# EXERCISE DATA
(* Let $\mathcal{F}\subset\mathbb{R}^d$ be a convex feasible set with bounded diameter $D_\infty$, i.e. $\|x-y\|_\infty\le D_\infty$ for all $x,y\in\mathcal{F}$. Let $f_1,\dots,f_T:\mathbb{R}^d\to\mathbb{R}$ be convex differentiable functions, and let $\theta^*\in\arg\min_{\theta\in\mathcal{F}}\sum_{t=1}^T f_t(\theta)$. Consider the AdaBelief iteration (without bias correction): starting from $\theta_1\in\mathcal{F}$, $m_0=0$, $s_0=0$, for $t=1,\dots,T$, $$g_t=\nabla f_t(\theta_t),\quad m_t=\beta_{1t}m_{t-1}+(1-\beta_{1t})g_t,\quad s_t=\beta_2 s_{t-1}+(1-\beta_2)(g_t-m_t)^2,$$ $$\theta_{t+1}=\Pi_{\mathcal{F},\sqrt{s_t}}\big(\theta_t-\alpha_t s_t^{-1/2}m_t\big),$$ with elementwise operations, $\Pi_{\mathcal{F},M}(y)=\arg\min_{x\in\mathcal{F}}\|M^{1/2}(x-y)\|$, and any small constant $\epsilon$ absorbed into $s_t$. Assume $0\le\beta_2<1$, $0\le\beta_1<1$, $\alpha_t=\alpha/\sqrt{t}$ with $\alpha>0$, $\beta_{1t}=\beta_1\lambda^t$ with $0<\lambda<1$, and $s_t\le s_{t+1}$ (elementwise) for all $t\in[T]$. Assume $\|g_t\|_\infty\le G_\infty/2$ (hence $\|g_t-m_t\|_\infty\le G_\infty$) and $s_{t,i}\ge c>0$ for all $t\in[T]$, $i\in[d]$. Then $$\sum_{t=1}^T[f_t(\theta_t)-f_t(\theta^* )]\le \frac{D_\infty^2\sqrt{T}}{2\alpha(1-\beta_1)}\sum_{i=1}^d s_{T,i}^{1/2}+\frac{(1+\beta_1)\alpha\sqrt{1+\log T}}{2\sqrt{c}(1-\beta_1)^3}\sum_{i=1}^d\big\|g_{1:T,i}^2\big\|_2+\frac{D_\infty^2\beta_1G_\infty}{2(1-\beta_1)(1-\lambda)^2\alpha}.$$
   Context: $g_{t,i}$ and $s_{t,i}$ denote the $i$-th coordinates of $g_t$ and $s_t$; $g_{1:T,i}^2$ denotes the vector $(g_{1,i}^2,\dots,g_{T,i}^2)\in\mathbb{R}^T$, and $\|\cdot\|_2$ is the Euclidean norm. *)

From HB Require Import structures.
From mathcomp Require Import all_boot all_order all_algebra.
From mathcomp Require Import all_classical all_reals all_analysis.
Set Implicit Arguments. Unset Strict Implicit. Unset Printing Implicit Defensive.
Import Order.TTheory GRing.Theory Num.Theory.
Import numFieldNormedType.Exports.
Local Open Scope classical_set_scope.
Local Open Scope ring_scope.

Section Defs.
Variables (R : realType) (d : nat).
Local Notation V := 'rV[R]_d.

Definition basis_vec (i : 'I_d) : V := delta_mx ord0 i.

Definition grad (f : V -> R) (x : V) : V := \row_i ('D_(basis_vec i) f x).

Definition linf (v : V) : R := \big[Num.max/0]_(i < d) `|v ord0 i|.

Definition sqv (v : V) : V := map_mx (fun a => a ^+ 2) v.

Definition wnorm (w v : V) : R :=
  Num.sqrt (\sum_(i < d) Num.sqrt (w ord0 i) * (v ord0 i) ^+ 2).

Definition invsqrt_mul (s m : V) : V := \row_i (m ord0 i / Num.sqrt (s ord0 i)).

Definition convex_fun (f : V -> R) : Prop :=
  forall x y a, 0 <= a <= 1 -> f (a *: x + (1 - a) *: y) <= a * f x + (1 - a) * f y.

End Defs.

From HB Require Import structures.
From mathcomp Require Import all_boot all_order all_algebra.
From mathcomp Require Import all_classical all_reals all_analysis.
From mathcomp Require Import ring lra.
Import Order.TTheory GRing.Theory Num.Theory.
Import numFieldNormedType.Exports.
Local Open Scope classical_set_scope.
Local Open Scope ring_scope.

Set Implicit Arguments.
Unset Strict Implicit.
Unset Printing Implicit Defensive.

(** By convexity the regret is at most [\sum_t <g_t, θ_t - θ*>], and solving the
   momentum recursion for [g_t] turns each term into
   [(1 + k_t) <m_t, θ_t - θ*> - k_t <m_{t-1}, θ_t - θ*>] with [k_t = β_1t / (1 - β_1t)].
   The variational inequality of the weighted projection bounds [<m_t, θ_t - θ*>] by
   [(|θ_t - θ*|^2 - |θ_{t+1} - θ*|^2) / (2 α_t) + α_t |m_t|^2 / 2] (norms weighted by
   [√s_t] and [1/√s_t]) and [<m_{t-1}, θ_t - θ*>] from below by
   [<m_{t-1}, θ_{t-1} - θ*> - α_{t-1} |m_{t-1}|^2].  As [k_t] decreases, summation by parts
   telescopes the distance terms, which the monotonicity of [√t √s_t] and the diameter
   bound control; the momentum terms are at most [(1 - β_1)^-1] times the same sums for
   the gradients, and Cauchy-Schwarz with [\sum_t 1/t <= 1 + ln T] finishes.  The bound
   obtained has constant [(1 + 2 β_1) / (2 (1 - β_1)^2) <= (1 + β_1) / (2 (1 - β_1)^3)]
   and no third term. *)

(** * Convexity and the weighted projection *)

Lemma convex_derive_le (R : realType) (V : normedModType R) (f : V -> R) (x y : V) :
  convex_function setT f -> derivable f x (y - x) -> 'D_(y - x) f x <= f y - f x.
Proof.
move=> f_convex f_der.
rewrite /derive cvg_at_rightE //.
apply: limr_le; first exact: (cvgP _ (cvg_dnbhs_at_right f_der)).
near=> h.
have h_gt0 : 0 < h by near: h; exact: nbhs_right_gt.
have h_lt1 : h < 1 by near: h; exact: nbhs_right_lt.
have := f_convex (Itv01 (ltW h_gt0) (ltW h_lt1)) y x; rewrite !inE => /(_ I I).
rewrite convRE -[conv _ _ _]/(h *: y + (1 - h) *: x) -[_ * f x]/((1 - h) * f x) /=.
have -> : h *: y + (1 - h) *: x = h *: (y - x) + x.
  by rewrite scalerBr scalerBl scale1r addrCA addrC.
rewrite /= -[h^-1 *: _]/(h^-1 * _) ler_pdivrMl //; lra.
Unshelve. all: by end_near.
Qed.

Lemma grad_derive (R : realType) (d : nat) (f : 'rV[R]_d -> R) (x v : 'rV[R]_d) :
  differentiable f x -> 'D_v f x = \sum_(i < d) grad f x ord0 i * v ord0 i.
Proof.
move=> f_diff; rewrite deriveE // {1}[v]row_sum_delta linear_sum /=.
by apply: eq_bigr => i _; rewrite linearZ /= -deriveE // /grad !mxE mulrC.
Qed.

Lemma ge0_of_quadratic_ge0 (R : realFieldType) (A B : R) : 0 <= B ->
  (forall t, 0 < t < 1 -> 0 <= 2 * t * A + t ^+ 2 * B) -> 0 <= A.
Proof.
move=> B_ge0 quad_ge0; rewrite leNgt; apply/negP => A_lt0.
have den_gt0 : 0 < B - 2 * A by lra.
(* at [t = -A / (B - 2A)] the quadratic is negative *)
set t := - A / (B - 2 * A).
have t_gt0 : 0 < t by rewrite divr_gt0 //; lra.
have t_lt1 : t < 1 by rewrite ltr_pdivrMr // mul1r; lra.
have := quad_ge0 t; rewrite t_gt0 t_lt1 => /(_ isT).
have -> : 2 * t * A + t ^+ 2 * B = t * (A * (B - 4 * A) / (B - 2 * A)).
  by rewrite /t; field; lra.
rewrite pmulr_rge0 // pmulr_lge0 ?invr_gt0 //; nra.
Qed.

Lemma wnorm_proj_vi (R : realType) (d : nat) (F : set 'rV[R]_d) (s y p z : 'rV[R]_d) :
  convex_set F -> F p -> (forall x, F x -> wnorm s (p - y) <= wnorm s (x - y)) -> F z ->
  0 <= \sum_(i < d) Num.sqrt (s ord0 i) * (p - y) ord0 i * (z - p) ord0 i.
Proof.
move=> F_convex Fp p_min Fz.
pose wsq (v : 'rV[R]_d) := \sum_(i < d) Num.sqrt (s ord0 i) * v ord0 i ^+ 2.
have wsq_ge0 (v : 'rV[R]_d) : 0 <= wsq v by apply: sumr_ge0 => i _; rewrite mulr_ge0 ?sqr_ge0.
apply: (ge0_of_quadratic_ge0 (wsq_ge0 (z - p))) => t /andP[t_gt0 t_lt1].
have F_conv : F (t *: z + (1 - t) *: p).
  by have := F_convex z p (Itv01 (ltW t_gt0) (ltW t_lt1)); rewrite !inE; apply.
have expand : wsq (t *: z + (1 - t) *: p - y)
    = wsq (p - y) + 2 * t * \sum_(i < d) Num.sqrt (s ord0 i) * (p - y) ord0 i * (z - p) ord0 i
      + t ^+ 2 * wsq (z - p).
  rewrite /wsq !mulr_sumr -!big_split /=; apply: eq_bigr => i _; rewrite !mxE; ring.
have := p_min _ F_conv.
rewrite /wnorm ler_sqrt ?wsq_ge0 // -/(wsq (p - y)) -/(wsq (t *: z + (1 - t) *: p - y)) expand.
lra.
Qed.

Lemma vi_wsum_sqr_le (R : realFieldType) (n : nat) (w e f : 'I_n -> R) :
  (forall i, 0 <= w i) -> 0 <= \sum_(i < n) w i * (e i - f i) * (- e i) ->
  \sum_(i < n) w i * e i ^+ 2 <= \sum_(i < n) w i * f i ^+ 2.
Proof.
move=> w_ge0 vi; rewrite -subr_ge0.
have -> : \sum_(i < n) w i * f i ^+ 2 - \sum_(i < n) w i * e i ^+ 2
    = \sum_(i < n) w i * (f i - e i) ^+ 2 + 2 * \sum_(i < n) w i * (e i - f i) * (- e i).
  by rewrite mulr_sumr -sumrB -big_split; apply: eq_bigr => i _ /=; ring.
by rewrite addr_ge0 ?mulr_ge0 // sumr_ge0 // => i _; rewrite mulr_ge0 ?sqr_ge0.
Qed.

Lemma vi_wsum_mul_ge (R : realFieldType) (n : nat) (w m e : 'I_n -> R) (a : R) :
  (forall i, 0 < w i) -> 0 < a ->
  0 <= \sum_(i < n) w i * (e i + a * (m i / w i)) * (- e i) ->
  - (a * \sum_(i < n) m i ^+ 2 / w i) <= \sum_(i < n) m i * e i.
Proof.
move=> w_gt0 a_gt0 vi.
set S := \sum_(i < n) m i * e i.
set P := \sum_(i < n) m i ^+ 2 / w i.
set Q := \sum_(i < n) w i * e i ^+ 2.
have Q_le : Q <= - (a * S).
  suff vi_eq : \sum_(i < n) w i * (e i + a * (m i / w i)) * (- e i) = - Q - a * S.
    by rewrite vi_eq in vi; lra.
  rewrite /Q /S mulr_sumr -sumrN -sumrB; apply: eq_bigr => i _.
  by have := w_gt0 i => wi_gt0; field; lra.
(* AM-GM, coordinatewise: [- m e <= a m^2 / (2 w) + w e^2 / (2 a)] *)
have amgm : - S <= a * P / 2 + Q / (2 * a).
  rewrite -subr_ge0.
  have -> : a * P / 2 + Q / (2 * a) - - S
      = \sum_(i < n) w i / (2 * a) * (a * m i / w i + e i) ^+ 2.
    rewrite /P /Q /S opprK mulr_sumr !mulr_suml -!big_split /=; apply: eq_bigr => i _.
    by have := w_gt0 i => wi_gt0; field; lra.
  apply: sumr_ge0 => i _; rewrite mulr_ge0 ?sqr_ge0 // divr_ge0 ?ltW //; lra.
have : Q / (2 * a) <= - S / 2.
  by rewrite ler_pdivrMr ?mulr_gt0 //; have -> : - S / 2 * (2 * a) = - (a * S) by field.
lra.
Qed.

Lemma sqr_convex_le (R : realDomainType) (b x y : R) : 0 <= b <= 1 ->
  (b * x + (1 - b) * y) ^+ 2 <= b * x ^+ 2 + (1 - b) * y ^+ 2.
Proof.
case/andP=> b_ge0 b_le1; rewrite -subr_ge0.
have -> : b * x ^+ 2 + (1 - b) * y ^+ 2 - (b * x + (1 - b) * y) ^+ 2
    = b * (1 - b) * (x - y) ^+ 2 by ring.
by rewrite mulr_ge0 ?sqr_ge0 // mulr_ge0 // subr_ge0.
Qed.

Lemma odds_le (R : realFieldType) (x y : R) :
  0 <= x -> x <= y -> y < 1 -> x / (1 - x) <= y / (1 - y).
Proof.
move=> x_ge0 x_le_y y_lt1.
rewrite ler_pdivrMr ?subr_gt0 ?(le_lt_trans x_le_y) // mulrAC ler_pdivlMr ?subr_gt0 //.
nra.
Qed.

Lemma momentum_coef_le (R : realFieldType) (b : R) : 0 <= b < 1 ->
  (1 + 2 * b) / (2 * (1 - b) ^+ 2) <= (1 + b) / (2 * (1 - b) ^+ 3).
Proof.
case/andP=> b_ge0 b_lt1; have b1_gt0 : 0 < 1 - b by rewrite subr_gt0.
rewrite -subr_ge0.
have -> : (1 + b) / (2 * (1 - b) ^+ 3) - (1 + 2 * b) / (2 * (1 - b) ^+ 2) = b ^+ 2 / (1 - b) ^+ 3.
  by field; rewrite gt_eqF.
by rewrite divr_ge0 ?sqr_ge0 ?exprn_ge0 ?ltW.
Qed.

# ASSIGNMENT
In the entries above, one line contains "suff vi_eq : \sum_(i" and another contains "y) ^+ 2 by ring.". Reproduce exactly those two lines and the lines between them, nothing else.

# OUTPUT OF THE TASK
  suff vi_eq : \sum_(i < n) w i * (e i + a * (m i / w i)) * (- e i) = - Q - a * S.
    by rewrite vi_eq in vi; lra.
  rewrite /Q /S mulr_sumr -sumrN -sumrB; apply: eq_bigr => i _.
  by have := w_gt0 i => wi_gt0; field; lra.
(* AM-GM, coordinatewise: [- m e <= a m^2 / (2 w) + w e^2 / (2 a)] *)
have amgm : - S <= a * P / 2 + Q / (2 * a).
  rewrite -subr_ge0.
  have -> : a * P / 2 + Q / (2 * a) - - S
      = \sum_(i < n) w i / (2 * a) * (a * m i / w i + e i) ^+ 2.
    rewrite /P /Q /S opprK mulr_sumr !mulr_suml -!big_split /=; apply: eq_bigr => i _.
    by have := w_gt0 i => wi_gt0; field; lra.
  apply: sumr_ge0 => i _; rewrite mulr_ge0 ?sqr_ge0 // divr_ge0 ?ltW //; lra.
have : Q / (2 * a) <= - S / 2.
  by rewrite ler_pdivrMr ?mulr_gt0 //; have -> : - S / 2 * (2 * a) = - (a * S) by field.
lra.
Qed.

Lemma sqr_convex_le (R : realDomainType) (b x y : R) : 0 <= b <= 1 ->
  (b * x + (1 - b) * y) ^+ 2 <= b * x ^+ 2 + (1 - b) * y ^+ 2.
Proof.
case/andP=> b_ge0 b_le1; rewrite -subr_ge0.
have -> : b * x ^+ 2 + (1 - b) * y ^+ 2 - (b * x + (1 - b) * y) ^+ 2
    = b * (1 - b) * (x - y) ^+ 2 by ring.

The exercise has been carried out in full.